Me and a friend headed to Portsmouth to see some old landing craft (I'll post that up as well) but ended up having some issues getting to them. The only way we worked out was through an old greyhound racetrack.

So, here are some of the pictures of the stadium. Click the smaller pictures to see the larger version on Flickr. Apologies if I've misinterpreted any rules - if I have let me know and I'll correct :]


























Thanks for looking
- Russ.


----------



## boxer666 (Oct 24, 2010)

*Good pics*

The last picture with the fox is classic! I wonder if it saw the rabbit?
Great pictures that show the place in decline.

Boxer666


----------



## recrudesce (Oct 24, 2010)

boxer666 said:


> The last picture with the fox is classic! I wonder if it saw the rabbit?
> Great pictures that show the place in decline.
> 
> Boxer666



he got bored before the first corner and just filtered off the track. i'm glad i didn't bet on him ;]


----------



## hydealfred (Oct 24, 2010)

Interesting - didn't know this place has closed down. Thanks for posting. Like the fox


----------



## recrudesce (Oct 24, 2010)

closed in april this year i believe. it's quite a state considering. i think the locals seem to be pulling it apart !
if you look at google maps, there's loads of buildings that are shown that no longer exist in my pictures.

shame


----------



## 227angrydonkeys (Oct 25, 2010)

nice. i saw the pics of those landing craft the other day. must go get inside them soon i think


----------



## recrudesce (Oct 25, 2010)

There's currently ropes hanging off the back of one of them. Wouldn't be too hard to get up, but getting down might be a struggle. 

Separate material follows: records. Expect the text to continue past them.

(* Let $\epsilon:B\to A$ (with section $j$) be a local augmentation; regard $A\subset B$ via $j$, let $I=\ker(\epsilon)$, and let $B^\bullet$ denote the group of units of $B$. For a subset $S\subset B\times B$ such that $1+ba\in B^\bullet$ for all $(a,b)\in S$, put $$C(S)=\epsilon^{-1}(1)\cap\langle(1+ab)(1+ba)^{-1}\mid(a,b)\in S\rangle .$$ Then: 1. $C(\{(a,b):\epsilon(a)=0\})=C(\{(a,b):\epsilon(ab)=\epsilon(ba)=0\})=C(\{(a,b):\epsilon(ba)=0\})=C(\{(a,b):1+ba\in B^\bullet\})$. 2. $[B^\bullet,B^\bullet]\cap\epsilon^{-1}(1)=C(\{(a,b):b\in B^\bullet,\ 1+ba\in B^\bullet\})$. 3. $[\epsilon^{-1}(1),\epsilon^{-1}(1)]=C(\{(a,b):\epsilon(a)=0,\ \epsilon(b)=\zeta\})$ for any $\zeta\in A$ which commutes with every element of $I$. In particular, $$[\epsilon^{-1}(1),\epsilon^{-1}(1)]\subset[B^\bullet,B^\bullet]\cap\epsilon^{-1}(1)\subset C:=C(\{(a,b):\epsilon(ab)=\epsilon(ba)=0\}),$$ and $C$ is a normal subgroup of $\epsilon^{-1}(1)$ with abelian quotient.
   Context: Rings are associative with $1$. An augmentation is a pair of ring homomorphisms $\epsilon:B\to A$, $j:A\to B$ with $\epsilon j=\mathrm{id}_A$; it is a local augmentation if every square matrix $\alpha$ over $B$ with $\epsilon(\alpha)$ invertible is itself invertible. $\langle\cdot\rangle$ denotes the subgroup of $B^\bullet$ generated, and $[G,G]$ the commutator subgroup. (In each listed set $S$ the condition $1+ba\in B^\bullet$ holds automatically by locality, or is imposed.) *)

From HB Require Import structures.
From mathcomp Require Import all_boot all_order all_algebra.
Set Implicit Arguments. Unset Strict Implicit. Unset Printing Implicit Defensive.
Import GRing.Theory.
Local Open Scope ring_scope.

Definition mx_invertible (R : nzRingType) (n : nat) (M : 'M[R]_n) : Prop :=
  exists N : 'M[R]_n, M *m N = 1%:M /\ N *m M = 1%:M.

Definition augmentation (A : nzRingType) (B : unitRingType)
  (eps : {rmorphism B -> A}) (j : {rmorphism A -> B}) : Prop :=
  forall a : A, eps (j a) = a.

Definition local_augmentation (A : nzRingType) (B : unitRingType)
  (eps : {rmorphism B -> A}) (j : {rmorphism A -> B}) : Prop :=
  augmentation eps j /\
  forall (n : nat) (M : 'M[B]_n),
    mx_invertible (map_mx eps M) -> mx_invertible M.

Inductive gen (B : unitRingType) (P : B -> Prop) : B -> Prop :=
| gen1 : gen P 1
| genP x : P x -> gen P x
| genM x y : gen P x -> gen P y -> gen P (x * y)
| genV x : gen P x -> gen P x^-1.

Definition commutator_subgroup (B : unitRingType) (G : B -> Prop) : B -> Prop :=
  gen (fun z => exists x y, G x /\ G y /\ z = x^-1 * y^-1 * x * y).

Definition units_of (B : unitRingType) : B -> Prop := fun x => x \is a GRing.unit.

Definition eps1 (A : nzRingType) (B : unitRingType) (eps : {rmorphism B -> A})
  : B -> Prop := fun x => eps x = 1.

Definition Cset (A : nzRingType) (B : unitRingType) (eps : {rmorphism B -> A})
  (S : B -> B -> Prop) : B -> Prop :=
  fun x => eps x = 1 /\
    gen (fun y => exists a b, S a b /\ y = (1 + a * b) * (1 + b * a)^-1) x.

Definition set_eq (B : Type) (P Q : B -> Prop) : Prop := forall x, P x <-> Q x.
Definition set_sub (B : Type) (P Q : B -> Prop) : Prop := forall x, P x -> Q x.

From HB Require Import structures.
From mathcomp Require Import all_boot all_order all_algebra.
Import GRing.Theory.
Set Implicit Arguments. Unset Strict Implicit. Unset Printing Implicit Defensive.
Local Open Scope ring_scope.

(* Write g(a, b) = (1 + ab)(1 + ba)^-1 ([twist a b]) and let N ([Neps]) be the group
   generated by the g(a, b) with eps a = 0.  Conjugating g(a, b) by a unit u gives
   g(u^-1 a u, u^-1 b u), so N is normal in the unit group.  Replacing a by a + a1
   or b by b + b1 with a1, b1 in I = ker eps multiplies g(a, b) on the left by an
   element of N.  Since j (eps (g(a, b))) = g(j (eps a), j (eps b)) and
   a - j (eps a), b - j (eps b) lie in I, every x generated by g(a, b)'s satisfies
   x (j (eps x))^-1 \in N, which gives part 1: locality makes 1 + ba a unit as soon
   as eps (ba) = 0.  Parts 2 and 3 come from the identities
   [x, y] = g(x^-1 (y^-1 - 1), x),  g(a, b) = [b, (1 + ba)^-1]  and
   g(a, z + b) = g(a, b (1 + za)^-1) for z commuting with a. *)

Lemma set_eq_via (T : Type) (R P Q : T -> Prop) :
  set_eq P R -> set_eq Q R -> set_eq P Q.
Proof. by move=> hP hQ x; split=> [/hP/hQ | /hQ/hP]. Qed.

Section Twists.

Variable B : unitRingType.
Implicit Types a b u x y z : B.

Definition twist a b := (1 + a * b) * (1 + b * a)^-1.

Definition twists (S : B -> B -> Prop) y := exists a b, S a b /\ y = twist a b.

Definition conjr u x := u^-1 * x * u.

Definition commr x y := x^-1 * y^-1 * x * y.

Definition commutators (G : B -> Prop) y := exists x z, G x /\ G z /\ y = commr x z.

Lemma mul1Dl_swap a b : (1 + a * b) * a = a * (1 + b * a).
Proof. by rewrite mulrDl mul1r mulrDr mulr1 mulrA. Qed.

Lemma mul1Dr_swap a b : b * (1 + a * b) = (1 + b * a) * b.
Proof. by rewrite mulrDr mulr1 mulrDl mul1r mulrA. Qed.

(* Jacobson: (1 + ab)^-1 = 1 - a (1 + ba)^-1 b. *)
Lemma unitr1D_swap a b :
  1 + b * a \is a GRing.unit -> 1 + a * b \is a GRing.unit.
Proof.
move=> hv; apply/unitrP; exists (1 - a * (1 + b * a)^-1 * b); split.
  by rewrite mulrBl mul1r -!mulrA mul1Dr_swap (mulKr hv) addrK.
by rewrite mulrBr mulr1 !mulrA mul1Dl_swap (mulrK hv) addrK.
Qed.
(** * Semipositivity *)

Lemma nonneg_of_disk_integrals_nonneg (F : R -> R -> R) x0 y0 :
  locally_2d (continuity_2d_pt F) x0 y0 ->
  (forall e, 0 < e -> exists t, 0 < t < e /\
     0 <= polar_int (fun x y => F (x0 + x) (y0 + y)) 0 t) ->
  0 <= F x0 y0.
Proof.
  intros [d Hcont] Hint. apply Rnot_lt_le. intros Hneg.
  assert (Hc0 : continuity_2d_pt F x0 y0)
    by (apply Hcont; rewrite Rminus_diag, Rabs_R0; apply cond_pos).
  destruct (Hc0 (mkposreal (- F x0 y0 / 2) ltac:(lra))) as [d' Hd']. simpl in Hd'.
  set (rho := Rmin d d').
  assert (Hrho : 0 < rho) by (apply Rmin_pos; apply cond_pos).
  assert (Hrho_d : rho <= d) by apply Rmin_l.
  assert (Hrho_d' : rho <= d') by apply Rmin_r.
  assert (Hnear : forall r t, - rho < r < rho ->
            Rabs (x0 + r * cos t - x0) < rho /\ Rabs (y0 + r * sin t - y0) < rho).
  { intros r t Hr. replace (x0 + r * cos t - x0) with (r * cos t) by ring.
    replace (y0 + r * sin t - y0) with (r * sin t) by ring.
    pose proof (Rabs_mul_cos_le r t); pose proof (Rabs_mul_sin_le r t).
    assert (Rabs r < rho) by (apply Rabs_def1; lra). lra. }
  set (F0 := fun x y => F (x0 + x) (y0 + y)).
  assert (HG : forall r t, - rho < r < rho ->
            continuity_2d_pt (fun u v => F0 (u * cos v) (u * sin v)) r t).
  { intros r t Hr. destruct (Hnear r t Hr).
    apply (continuity_2d_pt_comp F (fun u v => x0 + u * cos v) (fun u v => y0 + u * sin v));
      [apply Hcont; lra | continuity_2d ..]. }
  destruct (Hint rho Hrho) as [t [Ht Hpol]]. change (0 <= polar_int F0 0 t) in Hpol.
  enough (polar_int F0 0 t < 0) by lra.
  apply (polar_int_lt_0 F0 (- rho) rho t); [lra | lra | exact HG | intros r Hr].
  apply Rle_lt_trans with (2 * PI * (F x0 y0 / 2)); [| pose proof PI_RGT_0; nra].
  apply circle_mean_le; [intros; apply HG; lra | intros v].
  destruct (Hnear r v ltac:(lra)).
  assert (Hlt := Hd' (x0 + r * cos v) (y0 + r * sin v) ltac:(lra) ltac:(lra)).
  apply Rabs_def2 in Hlt. unfold F0. lra.
Qed.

I wanna sit in the cockpit!


----------



## recrudesce (Nov 17, 2010)

got my film shots processed


----------



## Foxylady (Nov 17, 2010)

D. M. Tagg & Son...Sign Shop.  Graffiti signs, no doubt! 
Loving the gorgeous fox.


----------



## recrudesce (Nov 17, 2010)

he was very accepting of us. didn't seem spooked by us walking around at all !


----------



## ceejam (Nov 17, 2010)

Amazing shots of the fox, well done


----------